By RON FANFAIR
A Raisin in the Sun was one of the first books Abena Malika read in elementary school.
While strolling by a classroom at York University nearly a decade ago, she was attracted to some students rehearsing for a skit that just happened to be the Lorraine Hansberry play that debuted on Broadway in 1959.
The students were members of the university’s African Drama Club, and they accepted Malika into their fold once she declared a strong interest in being associated with the production.
Two years ago, Malika played Ruth Younger in the Weyni Mengesha-directed production of the award-winning play that received rave reviews. A Raisin in the Sun returns for a second run from October 15 to November 13 at the Young Centre for the Performing Arts.

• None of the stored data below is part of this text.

(* points of P^1: nonzero pairs (a,b) up to proportionality *)
Definition ev2 (t : K * K) : 'I_2 -> K := fun i => if val i == 0%N then t.1 else t.2.
Definition nonzero_pt (t : K * K) : Prop := t.1 != 0 \/ t.2 != 0.
Definition same_pt (t s : K * K) : Prop := t.1 * s.2 = s.1 * t.2.

(* the linear form b x - a y vanishing exactly at t = (a:b) *)
Definition lin_at (t : K * K) : {mpoly K[2]} :=
  t.2 *: 'X_(@inord 1 0) - t.1 *: 'X_(@inord 1 1).

Definition mdvd n (A B : {mpoly K[n]}) : Prop := exists C, B = C * A.

Definition root_ord (f : {mpoly K[2]}) (t : K * K) (k : nat) : Prop :=
  mdvd (lin_at t ^+ k) f /\ ~ mdvd (lin_at t ^+ k.+1) f.

(* T is the 2-formula of the curve F z^2 + 2 G z + H = 0: there is an
   enumeration t_1,...,t_l of the distinct roots in P^1 of F*Delta with
   T = [(ord_{t_i} F, ord_{t_i} Delta)]_i *)
Definition two_formula (F G H : {mpoly K[2]}) (T : seq (nat * nat)) : Prop :=
  exists ts : seq (K * K),
  [/\ size ts = size T,
      forall i, (i < size ts)%N -> nonzero_pt (nth (0, 0) ts i),
      forall i j, (i < size ts)%N -> (j < size ts)%N -> i != j ->
        ~ same_pt (nth (0, 0) ts i) (nth (0, 0) ts j),
      forall t, nonzero_pt t ->
        ((F * discr F G H).@[ev2 t] = 0 <->
         exists2 i, (i < size ts)%N & same_pt t (nth (0, 0) ts i)) &
      forall i, (i < size ts)%N ->
        root_ord F (nth (0, 0) ts i) (nth (0, 0)%N T i).1 /\
        root_ord (discr F G H) (nth (0, 0) ts i) (nth (0, 0)%N T i).2].
Lemma zpowprod_widen f s u c : uniq s -> uniq u -> {subset s <= u} ->
  zpowprod f s c = zpowprod f u (fun e => if e \in s then c e else 0).
Proof.
move=> s_uniq u_uniq su; rewrite /zpowprod (big_widen_uniq _ _ s_uniq u_uniq su).
by apply: eq_bigr => e _; case: ifP.
Qed.

Lemma zpowprodB f s c c' : {in s, forall e, f e != 0} ->
  zpowprod f s (fun e => c e - c' e) = zpowprod f s c / zpowprod f s c'.
Proof.
move=> f_neq0; rewrite /zpowprod -prodf_div; apply: eq_big_seq => e es.
by rewrite expfzDr ?f_neq0 // invr_expz.
Qed.

Lemma zpowprod_sub f s s' c c' :
  uniq s -> uniq s' -> {in s ++ s', forall e, f e != 0} ->
  zpowprod f (undup (s ++ s')) (zcoef_sub s s' c c') = zpowprod f s c / zpowprod f s' c'.
Proof.
move=> s_uniq s'_uniq f_neq0; have u_uniq := undup_uniq (s ++ s').
rewrite zpowprodB => [|e]; last by rewrite mem_undup => /f_neq0.
by rewrite -!zpowprod_widen // => e es; rewrite mem_undup mem_cat es ?orbT.
Qed.

End IntegerCombinations.

Section PartialCharacterGraphs.
Variables (G : zmodType) (F : numClosedFieldType).
Implicit Types (X Y : G -> F -> Prop) (a b g : G) (u v w : F).

(* Partial characters are handled through their graphs, so that the union of a
   chain of them is again one without choosing values. *)
Record pchar_graph X : Prop := PcharGraph {
  pchar_graph0 : X 0 1;
  pchar_graph_fun : forall a v w, X a v -> X a w -> v = w;
  pchar_graph_norm : forall a v, X a v -> `|v| = 1;
  pchar_graphB : forall a b v w, X a v -> X b w -> X (a - b) (v / w) }.
(* Let $S,B\subseteq([-1,1]\cup\{*\})^X$ be real-valued hypothesis classes. For $\eta_1,\eta_2>0$ and $\delta\in(0,1)$, letting $m:=\sup_{r_1,r_2:X\to\mathbb{R}}\mathsf{VC}(S^{(r_1)}_{\eta_1},B^{(r_2)}_{\eta_2})$, \[ \#\mathsf{MC}(S,B,\eta_1\eta_2/3,\delta)\ge\#\mathsf{MA}(S,B,\eta_1\eta_2/3,\delta)\ge\log(1-\delta)+\Omega(m). \] For any $\varepsilon\in(0,1/2)$, taking $\eta_1=\eta_2=\sqrt{3\varepsilon}$, one has $m=\mathsf{fat}_{\sqrt{3\varepsilon}}(S,B)$ and $\#\mathsf{MC}(S,B,\varepsilon,\delta)\ge\#\mathsf{MA}(S,B,\varepsilon,\delta)\ge\log(1-\delta)+\Omega(m)$. Moreover, the constant $3$ may be replaced by any absolute constant $c>2$.
   Context: $X$ non-empty; distributions discrete. $h^{(r)}_\eta(x)=1$ if $h(x)\ne*$ and $h(x)>r(x)+\eta$, $=-1$ if $h(x)\ne*$ and $h(x)<r(x)-\eta$, $=*$ otherwise; $H^{(r)}_\eta=\{h^{(r)}_\eta:h\in H\}$. $\mathsf{VC}(H_1,H_2)$ for binary classes: sup of $|X'|$ over $X'$ shattered by both. $\mathsf{fat}_\eta(S,B)$: sup of $|X'|$ over $X'$ $\eta$-fat shattered by both $S$ and $B$ (for some $r:X'\to\mathbb{R}$, every $\xi:X'\to\{\pm1\}$ has a member $h$ with $h(x)\ne*$ and $\xi(x)(h(x)-r(x))>\eta$ on $X'$). Generalized product $u_1\diamondsuit u_2=u_1u_2$ if $u_2\in[-1,1]$, $-|u_1|$ if $u_2=*$. $\mathsf{MA\text{-}error}_{\mu,B}(f)=\sup_{b\in B}\sup_{\sigma\in\{\pm1\}}\mathbb{E}_\mu[((f(x)-y)\sigma)\diamondsuit b(x)]$; for $f$ of countable range $V$, $\mathsf{MC\text{-}error}_{\mu,B}(f)=\sup_{b\in B}\sum_{v\in V}\sup_{\sigma}\mathbb{E}_\mu[((f(x)-y)\mathbf{1}(f(x)=v)\sigma)\diamondsuit b(x)]$. $\mathsf{MA}_n(S,B,\varepsilon,\delta)$: learners taking $n$ points of $X\times[-1,1]$ and outputting $f:X\to[-1,1]$ such that for every $\mu$ on $X\times[-1,1]$ with some $s\in S$ satisfying $\Pr_{x\sim\mu|_X}[s(x)\neq*]=1$ and $\mathbb{E}_\mu[y|x]=s(x)$, with probability $\ge1-\delta$ over $n$ i.i.d. samples, $\mathsf{MA\text{-}error}_{\mu,B}(f)\le\varepsilon$; $\mathsf{MC}_n$ likewise with $\mathsf{MC\text{-}error}$. $\#\mathsf{MA},\#\mathsf{MC}$: least such $n$ ($\infty$ if none). $\log$ is base 2. *)

From Stdlib Require Import Reals List ClassicalDescription.
From Coquelicot Require Import Coquelicot.
Open Scope R_scope.

Definition ind (P : Prop) : R := if excluded_middle_informative P then 1 else 0.

Definition sgnb (b : bool) : R := if b then 1 else -1.

Definition log2 (x : R) : R := ln x / ln 2.

(* partial real-valued hypotheses: None plays the role of the symbol "*" *)
Definition phyp (X : Type) := X -> option R.
Definition hclass (X : Type) := phyp X -> Prop.

Definition valued {X} (H : hclass X) : Prop :=
  forall h, H h -> forall x v, h x = Some v -> -1 <= v <= 1.

Definition thr {X} (r : X -> R) (eta : R) (h : phyp X) : X -> option bool :=
  fun x => match h x with
           | Some v => if Rlt_dec (r x + eta) v then Some true
                       else if Rlt_dec v (r x - eta) then Some false else None
           | None => None
           end.

Definition thrcls {X} (H : hclass X) (r : X -> R) (eta : R) : (X -> option bool) -> Prop :=
  fun g => exists h, H h /\ g = thr r eta h.

Definition shatters {X} (C : (X -> option bool) -> Prop) (X' : list X) : Prop :=
  forall xi : X -> bool, exists g, C g /\ forall x, In x X' -> g x = Some (xi x).

Definition VC2 {X} (H1 H2 : (X -> option bool) -> Prop) : Rbar :=
  Rbar_lub (fun z => exists X' : list X, NoDup X' /\ shatters H1 X' /\ shatters H2 X'
                       /\ z = Finite (INR (length X'))).

Definition mVC {X} (S B : hclass X) (eta1 eta2 : R) : Rbar :=
  Rbar_lub (fun z => exists r1 r2 : X -> R, z = VC2 (thrcls S r1 eta1) (thrcls B r2 eta2)).

Definition fat_shatters {X} (H : hclass X) (eta : R) (X' : list X) : Prop :=
  exists r : X -> R, forall xi : X -> bool, exists h, H h /\
    forall x, In x X' -> exists v, h x = Some v /\ sgnb (xi x) * (v - r x) > eta.

Definition fat {X} (eta : R) (S B : hclass X) : Rbar :=
  Rbar_lub (fun z => exists X' : list X, NoDup X' /\ fat_shatters S eta X'
                       /\ fat_shatters B eta X' /\ z = Finite (INR (length X'))).

(* A discrete distribution on X x [-1,1], given by countably many atoms with
   nonnegative weights summing to 1. *)
Record dist (X : Type) := Dist {
  atom : nat -> X * R;
  wt : nat -> R;
  wt_nonneg : forall i, 0 <= wt i;
  wt_sum : is_series wt 1;
  atom_y : forall i, -1 <= snd (atom i) <= 1 }.
Arguments atom {X}. Arguments wt {X}.

Definition Ex {X} (mu : dist X) (g : X * R -> R) : R :=
  Series (fun i => wt mu i * g (atom mu i)).

Definition realizable {X} (S : hclass X) (mu : dist X) : Prop :=
  exists s, S s /\
    (forall i, 0 < wt mu i -> s (fst (atom mu i)) <> None) /\
    (forall i, 0 < wt mu i -> forall v, s (fst (atom mu i)) = Some v ->
        Series (fun j => wt mu j * ind (fst (atom mu j) = fst (atom mu i))
                          * (snd (atom mu j) - v)) = 0).

Definition diamond (u : R) (b : option R) : R :=
  match b with Some v => u * v | None => - Rabs u end.

Definition MA_err_le {X} (mu : dist X) (B : hclass X) (f : X -> R) (eps : R) : Prop :=
  forall b, B b -> forall sigma : bool,
    Ex mu (fun p => diamond ((f (fst p) - snd p) * sgnb sigma) (b (fst p))) <= eps.

Definition MC_term {X} (mu : dist X) (b : phyp X) (f : X -> R) (v : R) : R :=
  Rmax (Ex mu (fun p => diamond ((f (fst p) - snd p) * ind (f (fst p) = v) * sgnb true) (b (fst p))))
       (Ex mu (fun p => diamond ((f (fst p) - snd p) * ind (f (fst p) = v) * sgnb false) (b (fst p)))).

(* The sum over v in the range V of f is taken over
   the values f attains on the atoms of mu, each counted once (first occurrence);
   the summands for other v in V vanish identically. *)
Definition MC_err_le {X} (mu : dist X) (B : hclass X) (f : X -> R) (eps : R) : Prop :=
  forall b, B b ->
    Series (fun k => ind (forall j, (j < k)%nat -> f (fst (atom mu j)) <> f (fst (atom mu k)))
                     * MC_term mu b f (f (fst (atom mu k)))) <= eps.

Definition learner (X : Type) := list (X * R) -> (X -> R).

Definition sumR (l : list R) : R := fold_right Rplus 0 l.
Definition prodR (l : list R) : R := fold_right Rmult 1 l.

(* with probability >= 1 - delta over n i.i.d. samples from mu, good (L sample):
   the probability of the bad event (a countable sum over index tuples) is <= delta,
   i.e. every finite sub-sum is <= delta. *)
Definition whp {X} (mu : dist X) (n : nat) (delta : R) (L : learner X)
    (good : (X -> R) -> Prop) : Prop :=
  forall F : list (list nat), NoDup F -> (forall t, In t F -> length t = n) ->
    sumR (map (fun t => ind (~ good (L (map (atom mu) t))) * prodR (map (wt mu) t)) F)
      <= delta.

Definition outputs_bounded {X} (L : learner X) : Prop :=
  forall smp x, -1 <= L smp x <= 1.

Definition MA_learner {X} (S B : hclass X) (eps delta : R) (n : nat) (L : learner X) : Prop :=
  outputs_bounded L /\
  forall mu : dist X, realizable S mu -> whp mu n delta L (fun f => MA_err_le mu B f eps).
(* Along a pair direction d the gradient of f is L-Lipschitz, so the mean value
   theorem on the segment [x, x + d] gives the descent lemma
   f (x + d) <= f x + qmodel x d; hence one GS-q step decreases f by at least
   the optimal pair model value Q <= 0.  Conversely, any feasible displacement
   y - x has zero sum and can be peeled into at most n - 1 pair steps, each
   conformal to y - x (hence feasible from x); conformality makes the model
   superadditive along this splitting, so (n - 1) Q lower-bounds the model over
   the whole feasible set.  The proximal-PL inequality then converts the
   per-step decrease into the contraction factor 1 - mu2 / (L2 (n - 1)). *)

Lemma cauchy_schwarz2 {R : realType} (a1 a2 b1 b2 : R) :
  a1 * b1 + a2 * b2 <= Num.sqrt (a1 ^+ 2 + a2 ^+ 2) * Num.sqrt (b1 ^+ 2 + b2 ^+ 2).
Proof.
rewrite -sqrtrM; last by rewrite addr_ge0 // sqr_ge0.
have [h|h] := leP (a1 * b1 + a2 * b2) 0; first exact: le_trans h (sqrtr_ge0 _).
rewrite -(ger0_norm (ltW h)) -sqrtr_sqr ler_sqrt; last first.
  by rewrite mulr_ge0 // addr_ge0 // sqr_ge0.
have := sqr_ge0 (a1 * b2 - a2 * b1); nra.
Qed.

Section RowVectors.
Context {R : realType} {n : nat}.
Implicit Types (v w g h d D : 'rV[R]_n).

Definition sqnorm2 d : R := \sum_(m < n) d 0 m ^+ 2.

Lemma sqnorm2_ge0 d : 0 <= sqnorm2 d.
Proof. by apply: sumr_ge0 => m _; apply: sqr_ge0. Qed.

Lemma norm2E d : norm2 d = Num.sqrt (sqnorm2 d).
Proof. by []. Qed.

Lemma norm2_sqr d : norm2 d ^+ 2 = sqnorm2 d.
Proof. by rewrite norm2E sqr_sqrtr // sqnorm2_ge0. Qed.

Lemma norm2_ge0 d : 0 <= norm2 d.
Proof. exact: sqrtr_ge0. Qed.

Lemma norm2Z (c : R) d : 0 <= c -> norm2 (c *: d) = c * norm2 d.
Proof.
move=> c0; rewrite !norm2E; have -> : sqnorm2 (c *: d) = c ^+ 2 * sqnorm2 d.
  by rewrite /sqnorm2 mulr_sumr; apply: eq_bigr => m _; rewrite mxE exprMn.
by rewrite sqrtrM ?sqr_ge0 // sqrtr_sqr ger0_norm.
Qed.

Lemma sum_rowD v w : \sum_m (v + w) 0 m = \sum_m v 0 m + \sum_m w 0 m.
Proof. by rewrite -big_split; apply: eq_bigr => m _; rewrite mxE. Qed.

Lemma sum_rowB v w : \sum_m (v - w) 0 m = \sum_m v 0 m - \sum_m w 0 m.
Proof. by rewrite -sumrB; apply: eq_bigr => m _; rewrite !mxE. Qed.

Lemma sum_rowZ (c : R) v : \sum_m (c *: v) 0 m = c * \sum_m v 0 m.
Proof. by rewrite mulr_sumr; apply: eq_bigr => m _; rewrite mxE. Qed.

Lemma dotvBr v D d : dotv v (D - d) = dotv v D - dotv v d.
Proof. by rewrite /dotv -sumrB; apply: eq_bigr => m _; rewrite !mxE mulrBr. Qed.

Lemma dotv0 v : dotv v 0 = 0.
Proof. by rewrite /dotv big1 // => m _; rewrite mxE mulr0. Qed.

Lemma sqnorm20 : sqnorm2 0 = 0.
Proof. by rewrite /sqnorm2 big1 // => m _; rewrite mxE expr0n. Qed.

Lemma qmodel0 (f : 'rV[R]_n -> R) (L : R) x : qmodel f L x 0 = 0.
Proof. by rewrite /qmodel norm2_sqr dotv0 sqnorm20 mulr0 addr0. Qed.

Lemma sum_pair (F : 'I_n -> R) {i j : 'I_n} : i != j ->
  (forall m, m != i -> m != j -> F m = 0) -> \sum_m F m = F i + F j.
Proof.
move=> ij F0; rewrite (bigD1 i) //= (bigD1 j) 1?eq_sym //= big1 ?addr0 //.
by move=> m /andP[mi mj]; apply: F0.
Qed.

Lemma dotv_pair {i j : 'I_n} v {d} : pair_dir i j d ->
  dotv v d = v 0 i * d 0 i + v 0 j * d 0 j.
Proof.
move=> [ij [_ d0]]; rewrite /dotv (sum_pair (fun m => v 0 m * d 0 m) ij) //.
by move=> m mi mj; rewrite d0 // mulr0.
Qed.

“I feel like if I have come full circle,” the talented actress, who garnered a 2009 Dora nomination for playing the patient, loving and long–suffering wife, told Share this week. “I started out doing the play for nothing and now I am being paid – not just once but on two different occasions in my homeland – to perform it and I am enjoying every moment.”
A Raisin in the Sun was the first play written by a Black woman (Hansberry) to be produced on Broadway. It was also the first play with a Black director (Lloyd Richards).
“This is more than just another play,” said Malika. “This production is steeped in so much history. Hansberry was a visionary, feminist, political activist and an advocate for social justice which are things I can relate to.”
Hansberry, who attended the University of Wisconsin-Madison and Malika, who was enrolled in York University’s Political Science program, also have something else in common. They both found university to be uninspiring and left early to pursue their passion for the arts.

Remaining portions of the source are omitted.